Read more in 2023 and join the Herald-Leader’s Kentucky book club

This year I resolved to read more books. It occurred to me I just haven’t been reading as much these past couple of years and, simply put, I want to remedy that.

So when the calendar flipped over, I decided to join Goodreads and participate in their 2023 reading challenge. My personal goal for the year is to read 15 new books; I wanted to start small and have something of an achievable goal in mind. But then I thought to myself: Why not open up this opportunity to others, and what if we threw a Bluegrass State spin on it?

To that end, I’ve created the Herald-Leader’s Kentucky Book Club for 2023. Each month has been curated with a book from a Kentucky author, spanning a variety of genres. The list is largely compiled of native-born Kentuckians, or those who currently live in Kentucky, but there are some authors whose subject matter pertained a great deal to Kentucky and were included.

This list is by no means an endorsement of any particular book or author, or to display any kind of favoritism. There are a number of fantastic authors who call Kentucky home and I encourage you to read all of them if you can. I simply came up on the constraints of there being 12 months in a year; of course, there’s always next year.

For each of these entries, I encourage you to check your local library for them or support a local bookseller wherever possible. Some may be, admittedly, a bit harder to find going that route than others; however, so long as you have the book in hand (or in ear in the case of audio books) you’re welcome to join the club!

You can also join this book club over on Goodreads to participate and share your thoughts on each month’s book. Now let’s take a look at the tome of 2023.

January - “Bright Dead Things” by Ada Limón

Ada Limón, a Lexington writer, will be the new U.S. poet laureate.
Ada Limón, a Lexington writer, will be the new U.S. poet laureate.

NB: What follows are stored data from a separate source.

Lemma SD_transitive i a b c eab ebc eac (A : {set interp P}) :
  a != b -> b != c -> a != c ->
  mods eab = [set a; b] -> mods ebc = [set b; c] -> mods eac = [set a; c] ->
  A = [set a] \/ A = [set a; b] ->
  exists F, [/\ mods (nab [:: i] F eab) = A, mods (nab [:: i] F ebc) = [set b]
              & mods (nab [:: i] F eac) = [set a]].
Proof.
move=> ab bc ac hab hbc hac hA.
have [_ [[F2 [hF2ab hF2bc]] [_ [F4 [hF4ab hF4bc]]]]] := h_SD i ab bc ac hab hbc.
have trans F : mods (nab [:: i] F ebc) = [set b] -> a \in mods (nab [:: i] F eab) ->
    mods (nab [:: i] F eac) = [set a].
  exact: mods_nab_transitive (society1 i) ab bc ac hab hbc hac.
case: hA => ->; [exists F4 | exists F2]; split=> //; apply: trans => //.
- by rewrite hF4ab set11.
- by rewrite hF2ab setU11.
Qed.

Lemma agent_profile i Phi (inD : bool) w w' w'' e1 e2 e3 :
  w != w' -> w' != w'' -> w != w'' ->
  mods e1 = [set w'; w''] -> mods e2 = [set w; w''] -> mods e3 = [set w; w'] ->
  (inD -> w' \notin mods (nab [:: i] Phi e1)) ->
  exists F, [/\ mods (nab [:: i] F e1) = mods (nab [:: i] Phi e1),
                mods (nab [:: i] F e2) = [set w'']
              & mods (nab [:: i] F e3) = if inD then [set w] else [set w']].
Proof.
move=> ww' w'w'' ww'' he1 he2 he3 hrej.
have [w'w w''w w''w'] : [/\ w' != w, w'' != w & w'' != w'] by split; rewrite eq_sym.
have he1C : mods e1 = [set w''; w'] by rewrite setUC.
have he2C : mods e2 = [set w''; w] by rewrite setUC.
have he3C : mods e3 = [set w'; w] by rewrite setUC.
case: inD hrej => [/(_ isT) w'X | _].
  rewrite (mods_nab_notin (society1 i) he1C w'X).
  have [F [? ? ?]] := SD_transitive i w''w ww' w''w' he2C he3 he1C (or_introl erefl).
  by exists F.
have := mods_nab_sub Phi e1 (society1 i); rewrite he1.
case/subset_set2/(_ (mods_neq0 _)) => ->.
- exact: (SD_transitive i w'w'' w''w w'w he1 he2C he3C (or_introl erefl)).
- have [F [? ? ?]] := SD_transitive i w''w' w'w w''w he1C he3C he2C (or_introl erefl).
  by exists F.
- exact: (SD_transitive i w'w'' w''w w'w he1 he2C he3C (or_intror erefl)).
Qed.

End SocialDiversity.
End Fusion.

Theorem proposition15
  (P : finType) (hP : 1 < #|P|)
  (E : Type) (B : E -> form P) (hES : epistemic_space B)
  (S : eqType) (lt : rel S) (hS : strict_well_order lt)
  (nab : seq S -> (S -> E) -> E -> E)
  (h_basic : ESF_basic B lt nab) (h_SD : ESF_SD B nab)
  (h_P : ESF_P B lt nab) (h_I : ESF_I B lt nab)
  (N D : seq S) (hN : society lt N) (hD : {subset D <= N})
  (w w' : interp P) (hww' : w != w')
  (Eww' Ew' : E)
  (hEww' : models (B Eww') = [set w; w'])
  (hEw' : models (B Ew') = [set w'])
  (hloc : locally_decisive B nab N D Eww' Ew') :
  forall (w'' : interp P), w'' \notin [set w; w'] ->
  forall Ew'w'' : E, models (B Ew'w'') = [set w'; w''] ->
  decisive B nab N D Ew'w'' Ew'.
Proof.
move=> w'' hw'' Ew'w'' hEw'w'' Phi hD_reject _.
have [w''w w''w'] : w'' != w /\ w'' != w'.
  by move: hw''; rewrite !inE negb_or => /andP[].
have [ww'' w'w''] : w != w'' /\ w' != w'' by rewrite !(eq_sym _ w'').
have [Eww'' hEww''] := exists_mods hES (setU11 w [set w'']).
have hEww''C : models (B Eww'') = [set w''; w] by rewrite setUC.
have hEw'w''C : models (B Ew'w'') = [set w''; w'] by rewrite setUC.
pose Good i (r : E -> {set interp P}) :=
  [/\ r Ew'w'' = models (B (nab [:: i] Phi Ew'w'')), r Eww'' = [set w'']
    & r Eww' = if i \in D then [set w] else [set w']].
have [Phi' hPhi'] : exists Phi', forall i, Good i (fun e => models (B (nab [:: i] Phi' e))).
  apply: (agentwise_profile h_basic) => i.
  have [|F hF] := agent_profile hES h_basic h_SD (i := i) (Phi := Phi) (inD := i \in D)
                    hww' w'w'' ww'' hEw'w'' hEww'' hEww'; last by exists F.
  by move=> iD; apply/(entails_FAnd_FBot1 _ hEw')/hD_reject.
have out_ww' : models (B (nab N Phi' Eww')) = [set w].
  apply: (locally_decisive_pair hES h_basic hN hloc hww' hEww' hEw') => [i iD | j _ jD].
  - by case: (hPhi' i); rewrite iD.
  - by case: (hPhi' j); rewrite (negbTE jD).
have out_ww'' : models (B (nab N Phi' Eww'')) = [set w''].
  apply: (pareto_pair hES h_basic h_P hN w''w hEww''C).
  by move=> i _; case: (hPhi' i).
have out_w'w'' : models (B (nab N Phi' Ew'w'')) = [set w''].
  apply: (mods_nab_transitive hES h_basic hN w''w hww' w''w' hEww''C hEww' hEw'w''C out_ww').
  by rewrite out_ww'' set11.
have agree : models (B (nab N Phi Ew'w'')) = models (B (nab N Phi' Ew'w'')).
  apply: (h_I N Phi Phi' Ew'w'' hN) => e' he' j _.
  apply: (mods_nab_pair_agree hES h_basic (society1 lt j) hEw'w'' _ he').
  by case: (hPhi' j).
by apply/(entails_FAnd_FBot1 _ hEw'); rewrite agree out_w'w'' in_set1 eq_sym.
Qed.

Granted since we’re already a bit over one week into January, I thought it would only be fair to not saddle us all with a 500-page novel. Plus, January still has the air of newness and freshness, bustling with potential as we begin each year anew again.

Keeping some of these things in mind, plus with my own added preference of wanting to read more poetry, January’s book will be “Bright Dead Things” by Ada Limón, the United States poet laureate, and a resident of Lexington.

At 46, Limón has published six books of poetry, most recently, “The Hurting Kind;” won major awards and honors, including a Guggenheim Fellowship; taught writing at universities such as Columbia and Stanford; and appeared in The New Yorker.

So why choose “Bright Dead Things” over her more recent work? In part because the book’s description, at least according to the National Book Foundation, praises the work as a “book of bravado and introspection” and one that “examines the chaos that is life.” To me that spoke somewhat to starting off a new year with a healthy dose of introspection.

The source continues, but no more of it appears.